Perhaps they’re more contagious. A study of more than 25,000 genome sequences in the U.K. found that viruses with the mutation tended to transmit slightly faster than those without it and caused larger clusters of infections. Natural selection would favor strains of the virus that transmit more easily. But not all scientists are convinced. Some have suggested another explanation, called “founder’s effects.” In that scenario, the D614G mutation might have been more common in the first viruses to arrive in Europe and North America, essentially giving them a head start on other strains.
The spike protein is also continuing to accumulate additional mutations of unknown significance. The Houston Methodist-UT Austin team also showed in lab experiments that at least one such mutation allows spike to evade a neutralizing antibody that humans naturally produce to fight SARS-CoV-2 infections. This may allow that variant of the virus to more easily slip past our immune systems. Although it is not clear yet whether that translates into it also being more easily transmitted between individuals.
The good news is that this mutation is rare and does not appear to make the disease more severe for infected patients. According to Finkelstein, the group did not see viruses that have learned to evade first-generation vaccines and therapeutic antibody formulations.
“The virus continues to mutate as it rips through the world,” Finkelstein said. “Real-time surveillance efforts like our study will ensure that global vaccines and therapeutics are always one step ahead.”

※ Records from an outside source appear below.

Definition block_diag3 d0 b d1 (D0 : 'M[C]_d0) (B : 'M[C]_b) (D1 : 'M[C]_d1)
  : 'M[C]_(d0 + b + d1) :=
  block_mx (block_mx D0 0 0 B) 0 0 D1.

Definition purely_non_diagonal N (A : C -> 'M[C]_N) : Prop :=
  ~ exists (d0 b d1 : nat) (e : (d0 + b + d1)%N = N),
      ((0 < d0)%N \/ (0 < d1)%N) /\
      exists (D0 : C -> 'M[C]_d0) (B : C -> 'M[C]_b) (D1 : C -> 'M[C]_d1)
             (V : 'M[C]_N),
        diag_loop D0 /\ diag_loop D1 /\ poly_loop B /\ unitary_mx V /\
        forall z, on_circle z ->
          A z = V *m castmx (e, e) (block_diag3 (D0 z) (B z) (D1 z)).

Definition loop_eval N g (Acoef : nat -> 'M[C]_N) (z : C) : 'M[C]_N :=
  \sum_(k < g) z ^+ k *: Acoef k.

Definition entry_poly N g (Acoef : nat -> 'M[C]_N) (i j : 'I_N) : {poly C} :=
  \sum_(k < g) (Acoef k i j)%:P * 'X^k.

Definition m_poly N g (Acoef : nat -> 'M[C]_N) (i : 'I_N) : {poly C} :=
  \sum_(j < N) (entry_poly g Acoef i j \Po 'X^N) * 'X^j.

Definition r0 N g : nat := ((g * N).-1 %/ N.-1)%N.

(* V_i = P T_i |_K, written as a matrix in the orthonormal basis
   e_k = z^{-k} (0 <= k <= r0) of K.  Since (T_i e_k)(z) = m_i(z) z^{-N k},
   the coefficient of e_m = z^{-m} in T_i e_k is the coefficient of z^{N k - m}
   in m_i (zero if N k < m), and P keeps exactly these coefficients. *)
Definition Vop N g (Acoef : nat -> 'M[C]_N) (i : 'I_N) : 'M[C]_((r0 N g).+1) :=
  \matrix_(m < (r0 N g).+1, k < (r0 N g).+1)
     (if (m <= N * k)%N then (m_poly g Acoef i)`_(N * k - m) else 0).

Definition sigma_map N g (Acoef : nat -> 'M[C]_N) (X : 'M[C]_((r0 N g).+1))
  : 'M[C]_((r0 N g).+1) :=
  \sum_(i < N) (Vop g Acoef i *m X *m adjmx (Vop g Acoef i)).

Definition is_state n (rho : 'M[C]_n -> C) : Prop :=
  (forall (a : C) (X Y : 'M[C]_n), rho (a *: X + Y) = a * rho X + rho Y) /\
  (forall X : 'M[C]_n, 0 <= rho (adjmx X *m X)) /\
  rho 1%:M = 1.

Definition faithful n (rho : 'M[C]_n -> C) : Prop :=
  forall X : 'M[C]_n, rho (adjmx X *m X) = 0 -> X = 0.

End Defs.

Arguments loop_eval {R N} g Acoef z.
Arguments entry_poly {R N} g Acoef i j.
Arguments m_poly {R N} g Acoef i.
Arguments Vop {R N} g Acoef i.
Arguments sigma_map {R N} g Acoef X.

(* If rho is a faithful sigma-invariant state, look at the rank-one projection
   E onto e_0 = z^0.  Only the constant term A^(0)_{i,0} of m_i reaches e_0, so
   sigma(E) = (sum_i |A^(0)_{i,0}|^2) E, and faithfulness (rho(E) <> 0) forces
   this sum to be 1.  The first column of A(z) is a unit vector on the circle,
   so by Parseval sum_k sum_i |A^(k)_{i,0}|^2 = 1 as well: the first column of A
   is constant.  Then A(1)^* A(z) fixes e_0, hence equals 1 (+) B(z), and
   A(z) = A(1) (1 (+) B(z)) splits off a diagonal block of size one. *)

From mathcomp Require Import all_boot all_order all_algebra.
From mathcomp Require Import complex reals ring.
Set Implicit Arguments.
Unset Strict Implicit.
Unset Printing Implicit Defensive.
Import Order.TTheory GRing.Theory Num.Theory.
Local Open Scope ring_scope.

Section UnitCircle.
Variable C : numClosedFieldType.

Definition cayley_point (t : nat) : C := (t%:R + 'i) / (t%:R - 'i).

Lemma cayley_denom_neq0 (t : nat) : t%:R - 'i != 0 :> C.
Proof. by rewrite subr_eq0; apply: contraNneq (nonRealCi C) => <-; rewrite realn. Qed.

Lemma norm_cayley_point t : `|cayley_point t| = 1.
Proof.
have conj_denom : (t%:R - 'i : C)^* = t%:R + 'i.
  by rewrite rmorphB /= conjC_nat conjCi opprK.
by rewrite normf_div -conj_denom norm_conjC divff // normr_eq0 cayley_denom_neq0.
Qed.

Lemma cayley_point_inj : injective cayley_point.
Proof.
move=> s t /eqP; rewrite eqr_div ?cayley_denom_neq0 // => /eqP cross.
have : 2%:R * 'i * (t%:R - s%:R) = 0 :> C.
  have -> : 2%:R * 'i * (t%:R - s%:R) =
            (s%:R + 'i) * (t%:R - 'i) - (t%:R + 'i) * (s%:R - 'i) :> C by ring.
  by rewrite cross subrr.
move/eqP; rewrite !mulf_eq0 pnatr_eq0 (negbTE (neq0Ci C)) subr_eq0 eqr_nat /=.
by move/eqP.
Qed.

The scientists noted a total of 285 mutations across thousands of infections, although most don’t appear to have a significant effect on how severe the disease is. Ongoing studies are continuing to surveil the third wave of COVID-19 patients and to characterize how the virus is adapting to neutralizing antibodies that are produced by our immune systems. Each new infection is a roll of the dice, an additional chance to develop more dangerous mutations.
“We have given this virus a lot of chances,” lead author James Musser of Houston Methodist told The Washington Post. “There is a huge population size out there right now.”

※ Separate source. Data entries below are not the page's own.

(* Let $k\ge 1$ and let $\Delta^+=\{(\vec x,\vec y)\in\mathbb R^k\times\mathbb R^k:\ x_i<y_i \text{ for all } i=1,\dots,k\}$. Call a pair $(\vec l,\vec b)\in\mathbb R^k\times\mathbb R^k$ admissible if $\vec l=(l_1,\dots,l_k)$ is a unit vector (Euclidean norm $1$) with $l_i>0$ for every $i$, and $\vec b=(b_1,\dots,b_k)$ satisfies $\sum_{i=1}^k b_i=0$. For an admissible pair let $\pi_{(\vec l,\vec b)}=\{(s\vec l+\vec b,\ t\vec l+\vec b): s,t\in\mathbb R,\ s<t\}\subseteq\mathbb R^k\times\mathbb R^k$. Then for every $(\vec x,\vec y)\in\Delta^+$ there exists one and only one admissible pair $(\vec l,\vec b)$ such that $(\vec x,\vec y)\in\pi_{(\vec l,\vec b)}$. *)

From HB Require Import structures.
From mathcomp Require Import all_boot all_order all_algebra.
From mathcomp Require Import reals.
Set Implicit Arguments. Unset Strict Implicit. Unset Printing Implicit Defensive.
Import Order.TTheory GRing.Theory Num.Theory.
Local Open Scope ring_scope.

Definition in_Delta_plus (R : realType) (k : nat) (x y : 'rV[R]_k) : Prop :=
  forall i : 'I_k, x 0 i < y 0 i.

Definition enorm (R : realType) (k : nat) (v : 'rV[R]_k) : R :=
  Num.sqrt (\sum_(i < k) v 0 i ^+ 2).

Definition admissible (R : realType) (k : nat) (l b : 'rV[R]_k) : Prop :=
  enorm l = 1 /\ (forall i : 'I_k, 0 < l 0 i) /\ \sum_(i < k) b 0 i = 0.

Definition in_pi (R : realType) (k : nat) (l b x y : 'rV[R]_k) : Prop :=
  exists s t : R, s < t /\ x = s *: l + b /\ y = t *: l + b.

From HB Require Import structures.
From mathcomp Require Import all_boot all_order all_algebra.
From mathcomp Require Import reals.
Import Order.TTheory GRing.Theory Num.Theory.
Local Open Scope ring_scope.

(* Along the line s l + b the difference y - x is a positive multiple of l, so a
   unit l must be the normalized direction of y - x; and since the coordinates
   of l have positive sum, the hyperplane of zero coordinate sum meets each such
   line exactly once, which determines b. *)

Section Lines.
Context {R : realType} {k : nat}.
Hypothesis k_gt0 : (0 < k)%N.
Implicit Types (x y l b : 'rV[R]_k).

Lemma sumr_ord_gt0 {F : 'I_k -> R} : (forall i, 0 < F i) -> 0 < \sum_(i < k) F i.
Proof.
case: k k_gt0 F => // n _ F F_gt0.
by rewrite big_ord_recl ltr_pwDl // sumr_ge0 // => i _; apply: ltW.
Qed.

Lemma sum_coordDZ s l b :
  \sum_(i < k) (s *: l + b) 0 i = s * \sum_(i < k) l 0 i + \sum_(i < k) b 0 i.
Proof. by rewrite mulr_sumr -big_split; apply: eq_bigr => i _; rewrite !mxE. Qed.

Lemma enormZ c l : enorm (c *: l) = `|c| * enorm l.
Proof.
rewrite /enorm -sqrtr_sqr -sqrtrM ?sqr_ge0 // mulr_sumr.
by congr Num.sqrt; apply: eq_bigr => i _; rewrite mxE exprMn.
Qed.

Lemma enorm_gt0 l : (forall i, 0 < l 0 i) -> 0 < enorm l.
Proof. by move=> l_gt0; rewrite sqrtr_gt0 sumr_ord_gt0 // => i; rewrite exprn_gt0. Qed.

Definition direction x y := (enorm (y - x))^-1 *: (y - x).

Definition proj_sum0 x l := x - ((\sum_(i < k) x 0 i) / \sum_(i < k) l 0 i) *: l.

Lemma unit_direction l x y c :
  enorm l = 1 -> 0 < c -> y - x = c *: l -> l = direction x y.
Proof.
move=> l1 c_gt0 dxy; rewrite /direction dxy enormZ l1 mulr1 gtr0_norm //.
by rewrite scalerA mulVf ?scale1r // gt_eqF.
Qed.

Lemma proj_sum0_line s l b :
  \sum_(i < k) l 0 i != 0 -> \sum_(i < k) b 0 i = 0 -> proj_sum0 (s *: l + b) l = b.
Proof.
by move=> sl_neq0 sb0; rewrite /proj_sum0 sum_coordDZ sb0 addr0 mulfK // addrAC subrr add0r.
Qed.

Lemma sum_proj_sum0 x l :
  \sum_(i < k) l 0 i != 0 -> \sum_(i < k) proj_sum0 x l 0 i = 0.
Proof.
by move=> sl_neq0; rewrite /proj_sum0 -scaleNr addrC sum_coordDZ mulNr mulfVK // addNr.
Qed.

Lemma in_pi_translate l x y s c : 0 < c -> y - x = c *: l -> in_pi l (x - s *: l) x y.
Proof.
move=> c_gt0 dxy; exists s, (s + c); split; first by rewrite ltrDl.
split; first by rewrite addrC subrK.
by rewrite -[y](subrK x) dxy scalerDl (addrC (s *: l)) -addrA [s *: l + _]addrC subrK.
Qed.

Lemma line_subr s t l b : (t *: l + b) - (s *: l + b) = (t - s) *: l.
Proof. by rewrite opprD addrACA subrr addr0 scalerBl. Qed.

Section DeltaPlus.
Context {x y : 'rV[R]_k}.
Hypothesis xy : in_Delta_plus x y.

Lemma Delta_plus_subr_gt0 i : 0 < (y - x) 0 i.
Proof. by rewrite !mxE subr_gt0. Qed.

Lemma Delta_plus_enorm_gt0 : 0 < enorm (y - x).
Proof. exact/enorm_gt0/Delta_plus_subr_gt0. Qed.

Lemma direction_gt0 i : 0 < direction x y 0 i.
Proof.
by rewrite mxE mulr_gt0 ?invr_gt0 ?Delta_plus_enorm_gt0 ?Delta_plus_subr_gt0.
Qed.

Lemma enorm_direction : enorm (direction x y) = 1.
Proof.
have n_gt0 := Delta_plus_enorm_gt0.
by rewrite enormZ gtr0_norm ?invr_gt0 // mulVf // gt_eqF.
Qed.

Lemma subr_direction : y - x = enorm (y - x) *: direction x y.
Proof. by rewrite scalerA mulfV ?scale1r // gt_eqF // Delta_plus_enorm_gt0. Qed.

End DeltaPlus.
End Lines.

Theorem proposition2p2 (R : realType) (k : nat) (hk : (1 <= k)%N)
  (x y : 'rV[R]_k) :
  in_Delta_plus x y ->
  exists! lb : 'rV[R]_k * 'rV[R]_k,
    admissible lb.1 lb.2 /\ in_pi lb.1 lb.2 x y.
Proof.
move=> xy; have d_gt0 := direction_gt0 hk xy.
have sd_neq0 := lt0r_neq0 (sumr_ord_gt0 hk d_gt0).
exists (direction x y, proj_sum0 x (direction x y)); split=> [|[l b] /=].
  split; first split => /=.
  - exact: (enorm_direction hk xy).
  - by split; last exact: sum_proj_sum0 sd_neq0.
  - exact: in_pi_translate (Delta_plus_enorm_gt0 hk xy) (subr_direction hk xy).
move=> [[l1 [l_gt0 sb0]] [s [t [st [xE yE]]]]].
have lE : l = direction x y.
  by rewrite xE yE; apply: unit_direction l1 _ (line_subr _ _ _ _); rewrite subr_gt0.
by rewrite -lE xE proj_sum0_line // lt0r_neq0 // sumr_ord_gt0.
Qed.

Several other UT Austin authors contributed to the work: visiting scholar Jimmy Gollihar, associate professor of molecular biosciences Jason S. McLellan and graduate students Chia-Wei Chou, Kamyab Javanmardi and Hung-Che Kuo.
The UT Austin team tested different genetic variants of the virus’s spike protein, the part that allows it to infect host cells, to measure the protein’s stability and to see how well it binds to a receptor on host cells and to neutralizing antibodies. Earlier in the year, McLellan and his team at UT Austin, in collaboration with researchers at the National Institutes of Health, developed the first 3D map of the coronavirus spike protein for an innovation that now factors into several leading vaccine candidates’ designs.
The researchers found that SARS-CoV-2 was introduced to the Houston area many times, independently, from diverse geographic regions, with virus strains from Europe, Asia, South America and elsewhere in the United States. There was widespread community dissemination soon after COVID-19 cases were reported in Houston.
Reference: “Molecular Architecture of Early Dissemination and Massive Second Wave of the SARS-CoV-2 Virus in a Major Metropolitan Area” by S. Wesley Long, Randall J. Olsen, Paul A. Christensen, David W. Bernard, James J. Davis, Maulik Shukla, Marcus Nguyen, Matthew Ojeda Saavedra, Prasanti Yerramilli, Layne Pruitt, Sishir Subedi, Hung-Che Kuo, Heather Hendrickson, Ghazaleh Eskandari, Hoang A. T. Nguyen, J. Hunter Long, Muthiah Kumaraswami, Jule Goike, Daniel Boutz, Jimmy Gollihar, Jason S. McLellan, Chia-Wei Chou, Kamyab Javanmardi, Ilya J. Finkelstein and James M. Musser, 30 October 2020, mBio.
This study was supported by the Fondren Foundation, Houston Methodist Hospital and Research Institute, the National Institutes of Health, the National Institute of Allergy and Infectious Diseases, the Welch Foundation, the National Science Foundation and the Defense Advanced Research Projects Agency. Ilya Finkelstein is a CPRIT scholar in cancer research, funded by the Cancer Prevention and Research Institute of Texas.
An earlier version of the paper was posted in September to the preprint server medRxiv.